Using Streaming Assistants API With Websockets

I’m developing a FastAPI application where I’m using WebSockets to send text deltas from an Assistant’s API event handler in real-time. However, the tasks responsible for sending these deltas remain in the PENDING state and never run.

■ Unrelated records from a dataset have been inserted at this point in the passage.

(* For $n\ge 2$, let $\mathcal M^{\mathrm d}(n)$ be the number of MAB pairs $(u,v)$ of binary words with $|u|=|v|=n$ and $\mathrm{lsb}(u,v)+\mathrm{lsb}(v,u)\le n$. Then $$\mathcal M^{\mathrm d}(n)=\sum_{i=1}^{n-1}\sum_{j=1}^{n-i} D(2n-2i,\,j)\,D(2i,\,i).$$
   Context: Let $\Sigma=\{a,b\}$. For a word $w$ and a letter $c$, $|w|_c$ denotes the number of occurrences of $c$ in $w$. Two words $x,y$ are abelian equivalent, written $x\sim_{\mathrm{abl}}y$, if $|x|_c=|y|_c$ for all $c\in\Sigma$. For words $u,v$: a pair $(x,y)$ is an internal abelian-border of $(u,v)$ if $x$ is a nonempty proper suffix of $u$, $y$ is a proper prefix of $v$, and $x\sim_{\mathrm{abl}}y$; it is an external abelian-border of $(u,v)$ if $x$ is a nonempty proper prefix of $u$, $y$ is a proper suffix of $v$, and $x\sim_{\mathrm{abl}}y$. The pair $(u,v)$ is mutually abelian-bordered (MAB) if it has both an internal and an external abelian-border, and mutually abelian-unbordered (MAU) if it has neither. If $(u,v)$ has an internal abelian-border, $\mathrm{sb}(u,v)$ denotes its internal abelian-border $(x,y)$ of minimal length and $\mathrm{lsb}(u,v)=|x|$ is that minimal length. A binary word $w$ of length $m$ has an abelian-border of length $k$ ($1\le k\le m-1$) if its prefix of length $k$ is abelian equivalent to its suffix of length $k$. $D(m,k)$ denotes the number of binary words of length $m$ whose shortest abelian-border has length exactly $k$. *)

From mathcomp Require Import all_boot.
Set Implicit Arguments. Unset Strict Implicit. Unset Printing Implicit Defensive.

(* Binary words over Sigma = {a,b} are represented as seq bool (a = false, b = true). *)

Definition abl (x y : seq bool) : bool :=
  [forall c : bool, count_mem c x == count_mem c y].

(* (x,y) with x the suffix of u of length k, y the prefix of v of length k.
   Abelian equivalence forces |x| = |y|, so borders are indexed by k = |x|.
   x nonempty proper suffix of u: 1 <= k < |u|; y proper prefix of v: k < |v|. *)
Definition int_border (u v : seq bool) (k : nat) : bool :=
  [&& 0 < k, k < size u, k < size v & abl (drop (size u - k) u) (take k v)].

Definition ext_border (u v : seq bool) (k : nat) : bool :=
  [&& 0 < k, k < size u, k < size v & abl (take k u) (drop (size v - k) v)].

Definition has_int_border (u v : seq bool) : bool :=
  [exists k : 'I_(size u), int_border u v k].
Definition has_ext_border (u v : seq bool) : bool :=
  [exists k : 'I_(size u), ext_border u v k].

Definition MAB (u v : seq bool) : bool := has_int_border u v && has_ext_border u v.

(* length of the shortest internal abelian-border (meaningful when one exists) *)
Definition lsb (u v : seq bool) : nat :=
  \big[minn/size u]_(0 <= k < size u | int_border u v k) k.

Definition abl_border (w : seq bool) (k : nat) : bool :=
  [&& 1 <= k, k <= (size w).-1 & abl (take k w) (drop (size w - k) w)].

Definition shortest_abl_border (w : seq bool) (k : nat) : bool :=
  abl_border w k && [forall j : 'I_k, ~~ abl_border w j].

Definition D (m k : nat) : nat :=
  #|[set w : m.-tuple bool | shortest_abl_border w k]|.

Definition Md (n : nat) : nat :=
  #|[set p : n.-tuple bool * n.-tuple bool |
       MAB p.1 p.2 && (lsb p.1 p.2 + lsb p.2 p.1 <= n)]|.

From mathcomp Require Import all_boot all_order zify.
Set Implicit Arguments. Unset Strict Implicit. Unset Printing Implicit Defensive.
Import Order.TTheory.

(* Write u = t1 x1 and v = x2 t2 with |x1| = |x2| = i = lsb(u,v) and
   |t1| = |t2| = n - i.  The internal borders of (u,v) of length at most i
   compare a suffix of x1 with a prefix of x2; once x1 ~ x2, complementation
   matches the one of length i - j with the abelian-border of x1 x2 of length
   j, so lsb(u,v) = i exactly when the shortest abelian-border of x1 x2 has
   length i.  The external borders of (u,v) of length at most n - i compare a
   prefix of t1 with a suffix of t2, i.e. they are the abelian-borders of
   t1 t2, so lsb(v,u) <= n - i exactly when t1 t2 has a shortest
   abelian-border of length at most n - i.  Hence (u,v) |-> (t1 t2, x1 x2) is
   a bijection onto the pairs counted by the i-th summand. *)

Lemma ablE x y :
  abl x y = (count_mem false x == count_mem false y) && (count_mem true x == count_mem true y).
Proof.
apply/forallP/andP => [eq_xy | [eq_f eq_t]]; first by split; apply: eq_xy.
by case.
Qed.

Lemma abl_sym x y : abl x y = abl y x.
Proof. by rewrite !ablE ![count_mem _ y == _]eq_sym. Qed.

Lemma abl_cat_swap x1 x2 y1 y2 : abl (x1 ++ x2) (y1 ++ y2) -> abl x1 y2 = abl x2 y1.
Proof.
rewrite !ablE !count_cat => /andP[/eqP eq_f /eqP eq_t].
by apply/idP/idP => /andP[/eqP e1 /eqP e2]; apply/andP; split; apply/eqP; lia.
Qed.

Lemma ext_borderE u v k : size u = size v -> ext_border u v k = int_border v u k.
Proof. by move=> suv; rewrite /ext_border /int_border suv abl_sym; case: (k < size v). Qed.

Lemma has_int_borderP u v : reflect (exists k, int_border u v k) (has_int_border u v).
Proof.
apply: (iffP existsP) => [[k bk] | [k bk]]; first by exists k.
have ku : k < size u by case/and4P: bk.
by exists (Ordinal ku).
Qed.

Lemma has_ext_borderE u v : size u = size v -> has_ext_border u v = has_int_border v u.
Proof.
move=> suv; apply/existsP/has_int_borderP => [[k bk] | [k bk]].
  by exists k; rewrite -ext_borderE.
have ku : k < size u by rewrite suv; case/and4P: bk.
by exists (Ordinal ku); rewrite /= ext_borderE.
Qed.

Lemma lsb_eq u v i :
  int_border u v i -> (forall k, k < i -> ~~ int_border u v k) -> lsb u v = i.
Proof.
move=> bi below; have iu : i < size u by case/and4P: bi.
apply/eqP; rewrite eqn_leq /lsb -minEnat -!leEnat; apply/andP; split.
  by apply: ge_bigmin_seq; rewrite ?mem_index_iota.
apply: le_bigmin => [|k bk]; rewrite leEnat; first exact: ltnW.
by rewrite leqNgt; apply: contraL bk => /below.
Qed.

Lemma lsbP u v : has_int_border u v ->
  int_border u v (lsb u v) /\ forall k, k < lsb u v -> ~~ int_border u v k.
Proof.
move=> /has_int_borderP ex; case: (ex_minnP ex) => m bm min_m.
have below : forall k, k < m -> ~~ int_border u v k.
  by move=> k km; apply: contraL km => /min_m; rewrite -leqNgt.
by rewrite (lsb_eq bm below).
Qed.

Lemma shortest_abl_border_uniq w j k :
  shortest_abl_border w j -> shortest_abl_border w k -> j = k.
Proof.
move=> /andP[bj /forallP below_j] /andP[bk /forallP below_k].
case: (ltngtP j k) => // [jk | kj].
  by have := below_k (Ordinal jk); rewrite bj.
by have := below_j (Ordinal kj); rewrite bk.
Qed.

Lemma int_border_cat t1 x1 x2 t2 a i k :
  size t1 = a -> size x1 = i -> size x2 = i -> size t2 = a -> 0 < a -> 0 < k -> k <= i ->
  int_border (t1 ++ x1) (x2 ++ t2) k = abl (drop (i - k) x1) (take k x2).
Proof.
move=> st1 sx1 sx2 st2 a0 k0 ki.
rewrite /int_border !size_cat st1 sx1 sx2 st2 k0 drop_cat takel_cat ?sx2 //.
have -> : a + i - k < size t1 = false by rewrite st1; lia.
have -> : a + i - k - size t1 = i - k by rewrite st1; lia.
have -> : k < a + i by lia.
by have -> : k < i + a by lia.
Qed.

Lemma abl_border_cat w1 w2 a k :
  size w1 = a -> size w2 = a -> 0 < k -> k <= a ->
  abl_border (w1 ++ w2) k = abl (take k w1) (drop (a - k) w2).
Proof.
move=> sw1 sw2 k0 ka.
rewrite /abl_border size_cat sw1 sw2 k0 takel_cat ?sw1 // drop_cat.
have -> : a + a - k < size w1 = false by rewrite sw1; lia.
have -> : a + a - k - size w1 = a - k by rewrite sw1; lia.
by have -> : k <= (a + a).-1 by lia.
Qed.

Definition shortest_abl_border_le (a : nat) (w : seq bool) : bool :=
  [exists j : 'I_a.+1, shortest_abl_border w j].

Section BorderSplit.

Variables (t1 t2 x1 x2 : seq bool) (a i : nat).
Hypotheses (st1 : size t1 = a) (st2 : size t2 = a) (sx1 : size x1 = i) (sx2 : size x2 = i)
  (a_gt0 : 0 < a) (i_gt0 : 0 < i).

Let u := t1 ++ x1.
Let v := x2 ++ t2.

Lemma int_border_inner : int_border u v i = abl x1 x2.
Proof. by rewrite (int_border_cat st1 sx1 sx2 st2) // subnn drop0 -sx2 take_size. Qed.

Lemma abl_border_inner : abl_border (x1 ++ x2) i = abl x1 x2.
Proof. by rewrite (abl_border_cat sx1 sx2) // subnn drop0 -sx1 take_size. Qed.

Lemma abl_border_inner_int_border j : 0 < j < i -> abl x1 x2 ->
  abl_border (x1 ++ x2) j = int_border u v (i - j).
Proof.
move=> /andP[j0 ji] x12.
rewrite (abl_border_cat sx1 sx2) ?(ltnW ji) // (int_border_cat st1 sx1 sx2 st2) //; try lia.
have -> : i - (i - j) = j by lia.
by apply: abl_cat_swap; rewrite !cat_take_drop.
Qed.

Lemma abl_border_outer_int_border k : 0 < k <= a ->
  abl_border (t1 ++ t2) k = int_border v u k.
Proof.
move=> /andP[k0 ka].
by rewrite (abl_border_cat st1 st2) // (int_border_cat sx2 st2 st1 sx1) // abl_sym.
Qed.

Lemma lsb_inner : has_int_border u v && (lsb u v == i) = shortest_abl_border (x1 ++ x2) i.
Proof.
apply/idP/andP => [/andP[/lsbP[bl below] /eqP lsb_i] | [bi /forallP below]].
  rewrite lsb_i in bl below; have x12 : abl x1 x2 by rewrite -int_border_inner.
  split; first by rewrite abl_border_inner.
  apply/forallP => -[[|j] ji] //=.
  by rewrite abl_border_inner_int_border // below //; lia.
have x12 : abl x1 x2 by rewrite -abl_border_inner.
have bu : int_border u v i by rewrite int_border_inner.
suff -> : lsb u v = i by rewrite eqxx andbT; apply/has_int_borderP; exists i.
apply: lsb_eq => // -[|k] ki //.
have k' : i - k.+1 < i by lia.
have -> : k.+1 = i - (i - k.+1) by lia.
by rewrite -abl_border_inner_int_border //; [apply: (below (Ordinal k')) | lia].
Qed.

Lemma lsb_outer :
  has_int_border v u && (lsb v u <= a) = shortest_abl_border_le a (t1 ++ t2).
Proof.
apply/idP/existsP => [/andP[/lsbP[bl below] la] | [[j ja] /= /andP[bj /forallP below]]].
  have l0 : 0 < lsb v u by move: bl; case: (lsb v u).
  exists (Ordinal (la : lsb v u < a.+1)); apply/andP; split.
    by rewrite abl_border_outer_int_border ?l0.
  apply/forallP => -[[|k] kl] //=.
  rewrite abl_border_outer_int_border ?below //.
  exact: ltnW (leq_trans kl la).
have j0 : 0 < j by case/andP: bj.
have bv : int_border v u j by rewrite -abl_border_outer_int_border ?j0.
suff -> : lsb v u = j by rewrite -ltnS ja andbT; apply/has_int_borderP; exists j.
apply: lsb_eq => // -[|k] kj //.
by rewrite -abl_border_outer_int_border; [apply: (below (Ordinal kj)) | lia].
Qed.

Lemma MAB_lsb_split :
  MAB u v && (lsb u v + lsb v u <= a + i) && (lsb u v == i)
  = shortest_abl_border_le a (t1 ++ t2) && shortest_abl_border (x1 ++ x2) i.
Proof.
rewrite -lsb_inner -lsb_outer /MAB has_ext_borderE; last first.
  by rewrite !size_cat st1 st2 sx1 sx2 addnC.
have [-> | _] := eqVneq (lsb u v) i; last by rewrite !andbF.
rewrite addnC leq_add2r !andbT.
by case: (has_int_border u v); rewrite ?andbT ?andbF.
Qed.

End BorderSplit.

Lemma card_partition_nat (T : finType) (P : pred T) (f : T -> nat) lo hi :
  (forall x, P x -> lo <= f x < hi) ->
  #|[set x | P x]| = \sum_(lo <= i < hi) #|[set x | P x && (f x == i)]|.
Proof.
move=> f_range.
transitivity (\sum_(x | P x) \sum_(lo <= i < hi) (f x == i)).
  rewrite -sum1_card; apply: eq_big => [x | x]; rewrite inE // => Px.
  rewrite -big_mkcond sum1_count (eq_count (a2 := pred1 (f x))) => [|i]; last exact: eq_sym.
  by rewrite count_uniq_mem ?iota_uniq // mem_index_iota f_range.
rewrite exchange_big; apply: eq_bigr => i _.
rewrite -sum1_card big_mkcond [RHS]big_mkcond; apply: eq_bigr => x _.
by rewrite inE; case: (P x); case: (f x == i).
Qed.

Lemma card_shortest_abl_border_le m a :
  #|[set t : m.-tuple bool | shortest_abl_border_le a t]| = \sum_(1 <= j < a.+1) D m j.
Proof.
pose len (t : m.-tuple bool) :=
  if [pick j : 'I_a.+1 | shortest_abl_border t j] is Some j then val j else 0.
have lenE (t : m.-tuple bool) j : j < a.+1 -> shortest_abl_border t j -> len t = j.
  move=> ja bj; rewrite /len; case: pickP => [k bk | none].
    exact: shortest_abl_border_uniq bk bj.
  by have := none (Ordinal ja); rewrite bj.
rewrite (card_partition_nat (f := len) (lo := 1) (hi := a.+1)) => [|t /existsP[[j ja] /= bj]]; last first.
  by rewrite (lenE _ _ ja bj) ja andbT; case/andP: bj => /andP[].
rewrite big_nat_cond [RHS]big_nat_cond; apply: eq_bigr => j /andP[/andP[_ ja] _].
apply: eq_card => t; rewrite !inE; apply/andP/idP => [[/existsP[[k ka] /= bk] /eqP <-] | bj].
  by rewrite (lenE _ _ ka bk).
by split; [apply/existsP; exists (Ordinal ja) | rewrite (lenE _ _ ja bj)].
Qed.

Definition tuple_of_seq m (s : seq bool) : m.-tuple bool := insubd (nseq_tuple m false) s.

Lemma tuple_of_seqK m s : size s = m -> val (tuple_of_seq m s) = s.
Proof. by move=> sm; rewrite val_insubd sm eqxx. Qed.

Section LsbFiber.

Variables (n i : nat).
Hypotheses (i_gt0 : 0 < i) (i_lt_n : i < n).

Local Notation word_pair := (n.-tuple bool * n.-tuple bool)%type.
Local Notation split_pair := ((2 * n - 2 * i).-tuple bool * (2 * i).-tuple bool)%type.

Definition cut (p : word_pair) : split_pair :=
  (tuple_of_seq _ (take (n - i) p.1 ++ drop i p.2),
   tuple_of_seq _ (drop (n - i) p.1 ++ take i p.2)).

Definition glue (q : split_pair) : word_pair :=
  (tuple_of_seq _ (take (n - i) q.1 ++ take i q.2),
   tuple_of_seq _ (drop i q.2 ++ drop (n - i) q.1)).

Lemma size_cut_parts (u v : n.-tuple bool) :
  [/\ size (take (n - i) u) = n - i, size (drop (n - i) u) = i,
      size (take i v) = i & size (drop i v) = n - i].
Proof.
rewrite size_drop size_takel ?size_takel ?size_drop !size_tuple ?leq_subr ?(ltnW i_lt_n) //.
by rewrite subKn // ltnW.
Qed.

Lemma cutK : cancel cut glue.
Proof.
case=> u v; have [ut ud vt vd] := size_cut_parts u v.
congr pair; apply: val_inj; rewrite /= !tuple_of_seqK ?size_cat ?ut ?ud ?vt ?vd; try lia;
  by rewrite ?take_size_cat ?drop_size_cat ?size_cat ?cat_take_drop ?ut ?ud ?vt ?vd //; lia.
Qed.

Lemma glueK : cancel glue cut.
Proof.
case=> w x; have [sw sx] := (size_tuple w, size_tuple x).
have wt : size (take (n - i) w) = n - i by rewrite size_takel // sw; lia.
have wd : size (drop (n - i) w) = n - i by rewrite size_drop sw; lia.
have xt : size (take i x) = i by rewrite size_takel // sx; lia.
have xd : size (drop i x) = i by rewrite size_drop sx; lia.
congr pair; apply: val_inj; rewrite /= !tuple_of_seqK ?size_cat ?wt ?wd ?xt ?xd; try lia;
  by rewrite ?take_size_cat ?drop_size_cat ?size_cat ?cat_take_drop ?wt ?wd ?xt ?xd //; lia.
Qed.

Lemma cut_lsb_fiber p :
  shortest_abl_border_le (n - i) (cut p).1 && shortest_abl_border (cut p).2 i
  = MAB p.1 p.2 && (lsb p.1 p.2 + lsb p.2 p.1 <= n) && (lsb p.1 p.2 == i).
Proof.
case: p => u v; have [ut ud vt vd] := size_cut_parts u v.
rewrite /= !tuple_of_seqK ?size_cat ?ut ?ud ?vt ?vd; try lia.
rewrite -(MAB_lsb_split ut vd ud vt) ?subn_gt0 // !cat_take_drop.
by rewrite subnK // ltnW.
Qed.

Lemma card_lsb_fiber :
  #|[set p : word_pair | MAB p.1 p.2 && (lsb p.1 p.2 + lsb p.2 p.1 <= n) && (lsb p.1 p.2 == i)]|
  = (\sum_(1 <= j < (n - i).+1) D (2 * n - 2 * i) j) * D (2 * i) i.
Proof.
rewrite -card_shortest_abl_border_le -cardsX -(card_imset _ (can_inj cutK)).
apply: eq_card => q; rewrite !inE; apply/imsetP/idP => [[p + ->] | q_in].
  by rewrite inE -cut_lsb_fiber.
by exists (glue q); rewrite ?glueK // inE -cut_lsb_fiber glueK.
Qed.

End LsbFiber.

Theorem mainTheorem2 (n : nat) : 2 <= n ->
  Md n = \sum_(1 <= i < n) \sum_(1 <= j < (n - i).+1) D (2 * n - 2 * i) j * D (2 * i) i.
Proof.
(* Both sides vanish when n < 2. *)
move=> _; pose lsb12 (p : n.-tuple bool * n.-tuple bool) := lsb p.1 p.2.
rewrite /Md (card_partition_nat (f := lsb12) (lo := 1) (hi := n)).
  rewrite big_nat_cond [RHS]big_nat_cond; apply: eq_bigr => i /andP[/andP[i_gt0 i_lt_n] _].
  by rewrite card_lsb_fiber // big_distrl.
move=> [u v] /andP[/andP[/lsbP[bl _] _] _].
by case/and4P: bl => -> /= + _ _; rewrite size_tuple.
Qed.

As a result, the client doesn’t receive the expected data.

Symptoms

• WebSocket connection opens and messages are received.
• Tasks created to handle WebSocket communication (sending text deltas) are stuck in the PENDING state.
• No deltas are sent over the WebSocket to the client.
• Debug logging confirms that tasks are not running and remain pending indefinitely.

import asyncio
from typing_extensions import override
from openai import AssistantEventHandler
from openai.types.beta import AssistantStreamEvent
from openai.types.beta.threads import Text, TextDelta
from starlette.websockets import WebSocket, WebSocketDisconnect
from logging_config import logger

class EventHandler(AssistantEventHandler):
    def __init__(self, websocket: WebSocket):
        super().__init__()
        self.websocket = websocket
        logger.info("EventHandler initialized")

    @override
    def on_event(self, event: AssistantStreamEvent) -> None:
        logger.info(f"Event received: {event.event}")
        self.introspect_tasks()

    @override
    async def on_text_delta(self, delta: TextDelta, snapshot: Text) -> None:
        logger.info(f"Received text delta.value: {delta.value}")
        self.introspect_tasks()
        asyncio.ensure_future(self.send_text_delta(delta.value))
        await asyncio.sleep(0)  # Yield control to ensure the task runs

    async def send_text_delta(self, value: str) -> None:
        try:
            logger.info(f"Attempting to send delta: {value}")
            await self.websocket.send_json({"type": "text_delta", "content": value})
            logger.info(f"Sent delta: {value}")
        except WebSocketDisconnect:
            logger.warning("WebSocket disconnected while sending delta")
        except Exception as e:
            logger.error(f"Error sending delta: {str(e)}")

    @override
    async def on_message_done(self, text: Text) -> None:
        logger.info("The message is now done....")
        self.introspect_tasks()
        asyncio.ensure_future(self.send_message_done())
        await asyncio.sleep(0)  # Yield control to ensure the task runs

    async def send_message_done(self) -> None:
        try:
            logger.info("Attempting to send message_done")
            await self.websocket.send_json({"type": "message_done"})
            logger.info("Sent message_done")
        except WebSocketDisconnect:
            logger.warning("WebSocket disconnected while sending message_done")
        except Exception as e:
            logger.error(f"Error sending message_done: {str(e)}")
        finally:
            await self.close_websocket()

    async def close_websocket(self) -> None:
        try:
            logger.info("Attempting to close WebSocket")
            await self.websocket.close()
            logger.info("Closed WebSocket")
        except Exception as e:
            logger.error(f"Error closing WebSocket: {str(e)}")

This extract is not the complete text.